Dataset entries
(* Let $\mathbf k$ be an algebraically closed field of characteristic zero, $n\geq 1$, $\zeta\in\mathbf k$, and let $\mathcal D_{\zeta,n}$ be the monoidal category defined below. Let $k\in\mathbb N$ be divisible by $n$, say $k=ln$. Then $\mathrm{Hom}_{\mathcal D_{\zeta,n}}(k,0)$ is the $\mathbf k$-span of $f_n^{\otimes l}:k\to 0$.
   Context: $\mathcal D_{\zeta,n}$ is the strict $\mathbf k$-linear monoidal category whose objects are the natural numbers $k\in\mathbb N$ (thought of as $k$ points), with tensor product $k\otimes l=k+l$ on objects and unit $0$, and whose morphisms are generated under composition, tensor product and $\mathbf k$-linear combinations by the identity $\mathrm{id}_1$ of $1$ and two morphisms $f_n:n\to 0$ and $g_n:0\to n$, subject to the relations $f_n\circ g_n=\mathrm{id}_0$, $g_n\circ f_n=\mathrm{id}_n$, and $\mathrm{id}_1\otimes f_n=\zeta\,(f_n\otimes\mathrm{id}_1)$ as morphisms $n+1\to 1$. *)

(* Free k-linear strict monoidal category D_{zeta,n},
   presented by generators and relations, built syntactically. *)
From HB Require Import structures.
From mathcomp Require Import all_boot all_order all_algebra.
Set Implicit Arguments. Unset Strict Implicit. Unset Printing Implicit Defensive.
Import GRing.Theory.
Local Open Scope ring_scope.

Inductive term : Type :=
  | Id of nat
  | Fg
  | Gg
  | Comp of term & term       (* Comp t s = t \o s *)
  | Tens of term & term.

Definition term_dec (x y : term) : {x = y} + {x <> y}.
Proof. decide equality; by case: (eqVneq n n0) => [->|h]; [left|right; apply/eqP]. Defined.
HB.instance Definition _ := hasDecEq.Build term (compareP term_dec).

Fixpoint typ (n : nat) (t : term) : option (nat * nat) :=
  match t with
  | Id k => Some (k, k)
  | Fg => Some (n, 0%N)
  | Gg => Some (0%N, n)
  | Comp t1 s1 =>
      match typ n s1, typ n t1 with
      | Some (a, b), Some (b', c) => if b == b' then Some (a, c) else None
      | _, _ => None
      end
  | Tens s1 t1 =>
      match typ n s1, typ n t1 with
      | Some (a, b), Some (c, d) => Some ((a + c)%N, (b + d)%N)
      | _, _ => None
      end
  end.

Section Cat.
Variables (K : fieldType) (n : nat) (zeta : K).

* * *

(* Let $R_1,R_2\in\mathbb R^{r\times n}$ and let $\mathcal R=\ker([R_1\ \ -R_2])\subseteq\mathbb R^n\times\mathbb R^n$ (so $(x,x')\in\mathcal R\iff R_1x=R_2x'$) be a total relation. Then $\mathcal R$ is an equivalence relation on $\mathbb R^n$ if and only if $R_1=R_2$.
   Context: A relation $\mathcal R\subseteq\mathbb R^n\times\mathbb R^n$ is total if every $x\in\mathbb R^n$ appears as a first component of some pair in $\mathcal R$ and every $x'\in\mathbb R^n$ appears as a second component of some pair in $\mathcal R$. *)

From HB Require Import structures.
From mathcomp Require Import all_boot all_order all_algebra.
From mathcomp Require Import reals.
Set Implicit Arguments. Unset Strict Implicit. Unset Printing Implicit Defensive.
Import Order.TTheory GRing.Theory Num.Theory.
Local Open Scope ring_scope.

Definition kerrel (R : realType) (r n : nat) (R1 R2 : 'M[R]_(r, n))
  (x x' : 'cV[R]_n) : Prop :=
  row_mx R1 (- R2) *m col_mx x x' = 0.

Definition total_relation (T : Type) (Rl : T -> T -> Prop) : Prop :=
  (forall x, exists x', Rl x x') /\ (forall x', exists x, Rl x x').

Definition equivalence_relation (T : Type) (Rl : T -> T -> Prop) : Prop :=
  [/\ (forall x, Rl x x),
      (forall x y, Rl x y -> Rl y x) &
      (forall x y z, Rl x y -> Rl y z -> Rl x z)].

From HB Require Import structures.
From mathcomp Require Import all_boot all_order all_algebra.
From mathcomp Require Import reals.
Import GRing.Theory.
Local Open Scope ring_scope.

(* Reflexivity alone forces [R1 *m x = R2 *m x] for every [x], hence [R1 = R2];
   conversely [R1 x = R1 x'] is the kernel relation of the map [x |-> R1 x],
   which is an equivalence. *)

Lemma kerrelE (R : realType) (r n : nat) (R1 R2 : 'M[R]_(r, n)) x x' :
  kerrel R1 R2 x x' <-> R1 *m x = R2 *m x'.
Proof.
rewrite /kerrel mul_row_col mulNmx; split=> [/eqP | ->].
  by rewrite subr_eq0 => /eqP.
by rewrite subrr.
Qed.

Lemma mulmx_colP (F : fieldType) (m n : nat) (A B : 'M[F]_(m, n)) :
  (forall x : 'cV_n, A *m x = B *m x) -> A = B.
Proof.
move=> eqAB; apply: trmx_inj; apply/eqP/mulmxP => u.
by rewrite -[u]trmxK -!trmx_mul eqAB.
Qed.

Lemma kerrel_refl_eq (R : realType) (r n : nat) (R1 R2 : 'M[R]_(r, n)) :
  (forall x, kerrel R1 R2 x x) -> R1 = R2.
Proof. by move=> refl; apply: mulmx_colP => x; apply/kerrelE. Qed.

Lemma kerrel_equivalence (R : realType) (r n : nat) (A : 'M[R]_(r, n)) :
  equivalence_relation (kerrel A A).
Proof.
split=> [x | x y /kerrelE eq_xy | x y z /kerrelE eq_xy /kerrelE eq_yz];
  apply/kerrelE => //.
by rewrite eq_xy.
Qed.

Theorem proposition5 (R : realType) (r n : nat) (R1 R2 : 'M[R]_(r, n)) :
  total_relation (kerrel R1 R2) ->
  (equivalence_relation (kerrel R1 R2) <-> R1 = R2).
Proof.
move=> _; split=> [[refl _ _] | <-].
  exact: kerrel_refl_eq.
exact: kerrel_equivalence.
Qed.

Problem statement —
Out of the data above, give again only the lines starting at the one holding "(* Let $\mathbf" and ending at the one holding "c) else None", unchanged.

Expected output —
(* Let $\mathbf k$ be an algebraically closed field of characteristic zero, $n\geq 1$, $\zeta\in\mathbf k$, and let $\mathcal D_{\zeta,n}$ be the monoidal category defined below. Let $k\in\mathbb N$ be divisible by $n$, say $k=ln$. Then $\mathrm{Hom}_{\mathcal D_{\zeta,n}}(k,0)$ is the $\mathbf k$-span of $f_n^{\otimes l}:k\to 0$.
   Context: $\mathcal D_{\zeta,n}$ is the strict $\mathbf k$-linear monoidal category whose objects are the natural numbers $k\in\mathbb N$ (thought of as $k$ points), with tensor product $k\otimes l=k+l$ on objects and unit $0$, and whose morphisms are generated under composition, tensor product and $\mathbf k$-linear combinations by the identity $\mathrm{id}_1$ of $1$ and two morphisms $f_n:n\to 0$ and $g_n:0\to n$, subject to the relations $f_n\circ g_n=\mathrm{id}_0$, $g_n\circ f_n=\mathrm{id}_n$, and $\mathrm{id}_1\otimes f_n=\zeta\,(f_n\otimes\mathrm{id}_1)$ as morphisms $n+1\to 1$. *)

(* Free k-linear strict monoidal category D_{zeta,n},
   presented by generators and relations, built syntactically. *)
From HB Require Import structures.
From mathcomp Require Import all_boot all_order all_algebra.
Set Implicit Arguments. Unset Strict Implicit. Unset Printing Implicit Defensive.
Import GRing.Theory.
Local Open Scope ring_scope.

Inductive term : Type :=
  | Id of nat
  | Fg
  | Gg
  | Comp of term & term       (* Comp t s = t \o s *)
  | Tens of term & term.

Definition term_dec (x y : term) : {x = y} + {x <> y}.
Proof. decide equality; by case: (eqVneq n n0) => [->|h]; [left|right; apply/eqP]. Defined.
HB.instance Definition _ := hasDecEq.Build term (compareP term_dec).

Fixpoint typ (n : nat) (t : term) : option (nat * nat) :=
  match t with
  | Id k => Some (k, k)
  | Fg => Some (n, 0%N)
  | Gg => Some (0%N, n)
  | Comp t1 s1 =>
      match typ n s1, typ n t1 with
      | Some (a, b), Some (b', c) => if b == b' then Some (a, c) else None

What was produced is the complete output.